Exercise 2 - T-statistic: -13.728569533902661
P-value: 2.0312021008999865e-39
Reject the null hypothesis: The average income is significantly greater than $47,000.


**Generate Additional Sample Data**

In [8]:
# Generating data for three cities
city_a_income = np.random.normal(45000, 5000, 1000)
city_b_income = np.random.normal(47000, 5000, 1000)
city_c_income = np.random.normal(46000, 5000, 1000)

# Display first 5 values of each city's income data
print("City A Income (first 5 values):", city_a_income[:5])
print("City B Income (first 5 values):", city_b_income[:5])
print("City C Income (first 5 values):", city_c_income[:5])


City A Income (first 5 values): [51996.77718293 49623.16841456 45298.1518496  41765.31611147
 48491.11656807]
City B Income (first 5 values): [43624.10862513 46277.40664642 43037.900395   45460.1923518
 37531.92666523]
City C Income (first 5 values): [36460.96221061 41698.0749461  43931.97233289 55438.4382867
 48782.76562267]


**Independent Two-Sample t-test between City A and City B**

In [10]:
from scipy.stats import ttest_ind

# Independent two-sample t-test
t_statistic_ab, p_value_ab = ttest_ind(city_a_income, city_b_income)

print(f"\nT-statistic (City A vs City B): {t_statistic_ab}")
print(f"P-value: {p_value_ab}")
if p_value_ab < alpha:
    print("Reject the null hypothesis: There is a significant difference in average income between City A and City B.")
else:
    print("Fail to reject the null hypothesis: No significant difference in average income between City A and City B.")



T-statistic (City A vs City B): -7.562787299722131
P-value: 5.978616169664526e-14
Reject the null hypothesis: There is a significant difference in average income between City A and City B.
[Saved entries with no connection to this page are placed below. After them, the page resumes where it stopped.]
Lemma matching_partner_uniq (M : {set {set T}}) (x y z : T) :
  matching e M -> [set x; y] \in M -> [set x; z] \in M -> y = z.
Proof.
move=> /matchingP [H1 H2] xyM xzM.
case: (eqVneq [set x; y] [set x; z]) => [/eq_set2 [[_ //]|[exz eyx]]|ne].
  by move: (edge_set2 (H1 _ xyM)); rewrite eyx irr.
by have /disjointP/(_ x (set21 x y) (set21 x z)) := H2 _ _ xyM xzM ne.
Qed.

Lemma perfect_pairing (M : {set {set T}}) :
  matching e M -> cover M = setT ->
  exists m, [/\ forall x, e x (m x), involutive m & M = pairing m].
Proof.
move=> mM cM; have /matchingP [edgeM _] := mM.
have partner x : exists y, [set x; y] \in M.
  have : x \in cover M by rewrite cM inE.
  case/bigcupP => f fM; case/existsP: (edgeM f fM) => a /existsP [b /andP [_ /eqP fE]].
  by rewrite fE => /set2P [] ->; [exists b | exists a; rewrite setUC]; rewrite -fE.
pose m x := odflt x [pick y | [set x; y] \in M].
have mM' x : [set x; m x] \in M.
  by rewrite /m; case: pickP => [y //|none]; case: (partner x) => y; rewrite none.
have mm : involutive m.
  by move=> x; apply: (matching_partner_uniq mM (mM' (m x))); rewrite setUC.
exists m; split => // [x|]; first exact: (edge_set2 (edgeM _ (mM' x))).
apply/setP => f; apply/idP/imsetP => [fM|[x _ ->] //].
case/existsP: (edgeM f fM) => a /existsP [b /andP [_ /eqP fE]].
exists a => //; rewrite fE; congr [set a; _].
by apply: (matching_partner_uniq mM _ (mM' a)); rewrite -fE.
Qed.

Hypothesis noi : no_isolated e.

Lemma unique_maximum_perfect (M : {set {set T}}) :
  maximum_matching e M -> (forall M', maximum_matching e M' -> M' = M) ->
  cover M = setT.
Proof.
move=> /maximum_matchingP [mM maxM] uniqM.
apply/eqP; rewrite eqEsubset subsetT /=; apply/subsetP => w _.
apply/negPn/negP => wM; have [u ewu] := noi w.
have wuM : [set w; u] \notin M.
  by apply/negP => wuM; case/negP: wM; apply/bigcupP; exists [set w; u]; rewrite ?set21.
case: (boolP (u \in cover M)) => uM; last first.
  have := maxM _ (matchingU1 ewu wM uM mM).
  by rewrite card_matchingU1 // ltnn.
have [f fM uf] := bigcupP uM.
have mMf : matching e (M :\ f) by apply: matchingS mM; apply: subsetDl.
have wMf : w \notin cover (M :\ f).
  by apply: contra wM => /bigcupP [g /setD1P [_ gM] wg]; apply/bigcupP; exists g.
have uMf : u \notin cover (M :\ f).
  apply/bigcupP => [[g /setD1P [gf gM] ug]].
  by case/matchingP: mM => _ /(_ g f gM fM gf) /disjointP /(_ u ug uf).
have maxM' : maximum_matching e ([set w; u] |: (M :\ f)).
  apply/maximum_matchingP; split; first exact: matchingU1.
  by move=> M' /maxM; rewrite card_matchingU1 // (cardsD1 f M) fM.
by case/negP: wuM; rewrite -(uniqM _ maxM') setU11.
Qed.

End Matchings.

Section Pairing.
Variables (T : finType) (e : rel T) (m : T -> T).
Hypotheses (em : forall x, e x (m x)) (mm : involutive m).

Lemma matching_pairing : matching e (pairing m).
Proof.
apply/matchingP; split => [f /imsetP [x _ ->]|]; first exact: is_edge_set2.
move=> f g /imsetP [x _ ->] /imsetP [y _ ->] ne; apply/disjointP => z.
case/set2P => ->; case/set2P => E; case/eqP: ne.
- by rewrite E.
- by rewrite E mm setUC.
- by rewrite -E mm setUC.
- by rewrite (can_inj mm E).
Qed.

Lemma pairing_mem (f : {set T}) (z : T) : f \in pairing m -> z \in f -> m z \in f.
Proof. by case/imsetP => w _ -> /set2P [] ->; rewrite ?mm !inE eqxx ?orbT. Qed.

End Pairing.

Section Accessible.
Variable T : finType.

Lemma accessible_ind (F : {set {set T}}) (P : {set T} -> Prop) :
  (forall X, X \in F -> X != set0 -> exists2 x, x \in X & X :\ x \in F) ->
  P set0 ->
  (forall X x, X \in F -> x \in X -> X :\ x \in F -> P (X :\ x) -> P X) ->
  forall X, X \in F -> P X.
Proof.
move=> acc P0 PS X; have [n le_Xn] := ubnP #|X|; elim: n X le_Xn => // n IH X.
rewrite ltnS => le_Xn XF; case: (eqVneq X set0) => [-> //|X0].
have [x xX XxF] := acc X XF X0; apply: (PS X x XF xX XxF); apply: IH XxF.
by rewrite (cardsD1 x X) xX in le_Xn.
Qed.

Lemma invariant_subset (s : T -> T) (Q : {set T}) :
  Q != set0 -> {in Q, forall x, s x \in Q} ->
  exists2 C : {set T}, C \subset Q & C != set0 /\ s @: C = C.
Proof.
have [n le_Qn] := ubnP #|Q|; elim: n Q le_Qn => // n IH Q le_Qn Q0 sQ.
have sQQ : s @: Q \subset Q by apply/subsetP => y /imsetP [x /sQ sxQ ->].
case: (eqVneq (s @: Q) Q) => [sQE|sQne]; first by exists Q.
have [x xQ] := set0Pn _ Q0.
have [|||C CsQ CP] := IH (s @: Q).
- by rewrite -ltnS (leq_trans _ le_Qn) // ltnS proper_card // properEneq sQne.
- by apply/set0Pn; exists (s x); apply: imset_f.
- by move=> _ /imsetP [y /sQ syQ ->]; apply: imset_f.
by exists C => //; apply: subset_trans CsQ sQQ.
Qed.

Lemma exists_succ_cycle (R : rel T) (Q : {set T}) :
  Q != set0 -> (forall x, x \in Q -> exists2 z, z \in Q & R x z) ->
  exists s, exists2 C : {set T}, C \subset Q &
    [/\ C != set0, s @: C = C & {in C, forall x, R x (s x)}].
Proof.
move=> Q0 succ; pose s x := odflt x [pick z in Q | R x z].
have sP x : x \in Q -> (s x \in Q) && R x (s x).
  rewrite /s; case: pickP => [z /andP [-> ->] //|none /succ [z zQ Rxz]].
  by move: (none z); rewrite zQ Rxz.
have [C CQ [C0 sC]] := invariant_subset Q0 (fun x xQ => proj1 (andP (sP x xQ))).
by exists s, C => //; split => // x /(subsetP CQ) /sP /andP [].
Qed.

End Accessible.

Section GreedoidPerfectMatching.
Variables (T : finType) (e : rel T).
Hypotheses (sym : symmetric e) (irr : irreflexive e).
Hypotheses (wc : well_covered e) (noi : no_isolated e).

(* Otherwise x, B and the part outside N[B] of a maximal stable set through a
   neighbour of x would form a stable set larger than alpha. *)
Lemma local_max_new_neighbor (B : {set T}) (x : T) :
  local_max_stable e B -> stable e (x |: B) -> x \notin B ->
  exists2 y, e x y & y \notin cnbhd e B.
Proof.
move=> /local_maxP [sB maxB] sxB xB.
case: (boolP [exists y, e x y && (y \notin cnbhd e B)]) => [/existsP [y /andP []]|].
  by exists y.
move=> /existsPn none; have [u exu] := noi x.
have [W mW uW] := maximal_stable_ext (stable1 irr u).
have [sW _] := maximal_stableP _ _ mW.
pose R := W :\: cnbhd e B.
have xR : x \notin R.
  apply: contraL exu => /setDP [xW _]; move/stableP: sW; apply => //.
  by rewrite (subsetP uW) ?set11.
have dRB : [disjoint R & cnbhd e B] by apply/disjointP => z /setDP [_ /negP].
have sBR : stable e (x |: (B :|: R)).
  apply: (stableU1 sym irr) => [|a /setUP [aB|aR]].
  - by have := stableU_cnbhd sym sB (stableS (subsetDl _ _) sW) dRB.
  - by move/stableP: sxB; apply; rewrite !inE ?eqxx ?aB ?orbT.
  - by apply: contraL aR => exa; move: (none a); rewrite exa negbK in_setD => ->.
have := stable_leq_alpha sBR.
rewrite cardsU1 in_setU negb_or xB xR cardsU (disjoint_setI0 _) ?cards0 ?subn0; last first.
  by apply/disjointP => z zB /setDP [_ /negP]; apply; apply/cnbhdP; left.
rewrite -(card_maximal_stable wc mW) -(cardsID (cnbhd e B) W) -/R.
by rewrite add1n -addSn leq_add2r ltnNge maxB ?subsetIr // (stableS (subsetIl _ _) sW).
Qed.

Hypothesis greedoidPsi : greedoid (Psi e).

Lemma greedoid_matching (A : {set T}) :
  A \in Psi e -> exists M, [/\ matching e M, #|M| = #|A| & cover M \subset cnbhd e A].
Proof.
have [_ acc _] := greedoidPsi; move: A; apply: (accessible_ind acc).
  exists set0; split; rewrite ?cards0 //; last by apply/subsetP => z /bigcupP [f]; rewrite inE.
  by apply/matchingP; split => f; rewrite inE.
move=> A x AP xA BP [M [mM cM coM]]; set B := A :\ x in BP cM coM *.
have /local_maxP [sA _] : local_max_stable e A by rewrite -PsiE.
have nBx : x \notin cnbhd e B.
  apply/cnbhdP => [[/setD1P [/eqP //]|[b /setD1P [_ bA] exb]]].
  by move/stableP: sA => /(_ x b xA bA); rewrite exb.
have [y exy nBy] : exists2 y, e x y & y \notin cnbhd e B.
  by apply: local_max_new_neighbor; rewrite -?PsiE ?setD11 ?setD1K.
have xM : x \notin cover M by apply: contra nBx; apply: (subsetP coM).
exists ([set x; y] |: M); split.
- by apply: matchingU1 => //; apply: contra nBy; apply: (subsetP coM).
- by rewrite card_matchingU1 // cM (cardsD1 x A) xA.
apply/subsetP => z /bigcupP [f /setU1P [->|fM] zf].
  by apply/cnbhdP; case/set2P: zf => ->; [left | right; exists x; rewrite // sym].
apply: (subsetP (cnbhdS e (subsetDl A [set x]))); apply: (subsetP coM).
by apply/bigcupP; exists f.
Qed.

Lemma greedoid_perfect : #|T| = 2 * alpha e -> exists M, matching e M /\ cover M = setT.
Proof.
move=> cT; have [S sS cS] := alpha_witness e.
have [M [mM cM _]] := greedoid_matching (maximum_stable_Psi sS cS).
exists M; split => //; apply/eqP; rewrite eqEcard subsetT cardsT cT.
by rewrite (card_cover_matching irr mM) cM cS leqnn.
Qed.

End GreedoidPerfectMatching.

Section PerfectMatchingInvolution.
Variables (T : finType) (e : rel T) (m : T -> T).
Hypotheses (sym : symmetric e) (irr : irreflexive e).
Hypotheses (em : forall x, e x (m x)) (mm : involutive m).

Definition partner_closed (A : {set T}) := forall x y, x \in A -> e x y -> m y \in A.

Lemma stable_partner_notin (A : {set T}) (a : T) : stable e A -> a \in A -> m a \notin A.
Proof. by move=> /stableP sA aA; apply/negP => /(sA _ _ aA); rewrite em. Qed.

Lemma stable_card_leq_partner (A B : {set T}) :
  stable e B -> {in B, forall b, (b \in A) || (m b \in A)} -> #|B| <= #|A|.
Proof.
move=> /stableP sB BA; pose phi b := if b \in A then b else m b.
have phi_inj : {in B &, injective phi}.
  move=> b c bB cB; rewrite /phi; case: ifP => bA; case: ifP => cA.
  - by [].
  - by move=> E; move: (sB c b cB bB); rewrite E em.
  - by move=> E; move: (sB b c bB cB); rewrite -E em.
  - exact: (can_inj mm).
rewrite -(card_in_imset phi_inj); apply/subset_leq_card/subsetP => _ /imsetP [b bB ->].
by rewrite /phi; case: ifP => // bA; move: (BA b bB); rewrite bA.
Qed.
**ANOVA among City A, City B, and City C**

In [11]:
from scipy.stats import f_oneway

# One-way ANOVA
f_statistic_abc, p_value_abc = f_oneway(city_a_income, city_b_income, city_c_income)
# The F-statistic (f_statistic_abc) measures the ratio of the variance between the group means to the variance within the groups.
# A higher F-statistic indicates that there is more variability between the groups compared to within the groups, suggesting a significant difference in means.
print(f"\nF-statistic (ANOVA across City A, City B, and City C): {f_statistic_abc}")
print(f"P-value: {p_value_abc}")
if p_value_abc < alpha:
    print("Reject the null hypothesis: There is a significant difference in average income among the cities.")
else:
    print("Fail to reject the null hypothesis: No significant difference in average income among the cities.")



F-statistic (ANOVA across City A, City B, and City C): 28.975830573510713
P-value: 3.4361863347647236e-13
Reject the null hypothesis: There is a significant difference in average income among the cities.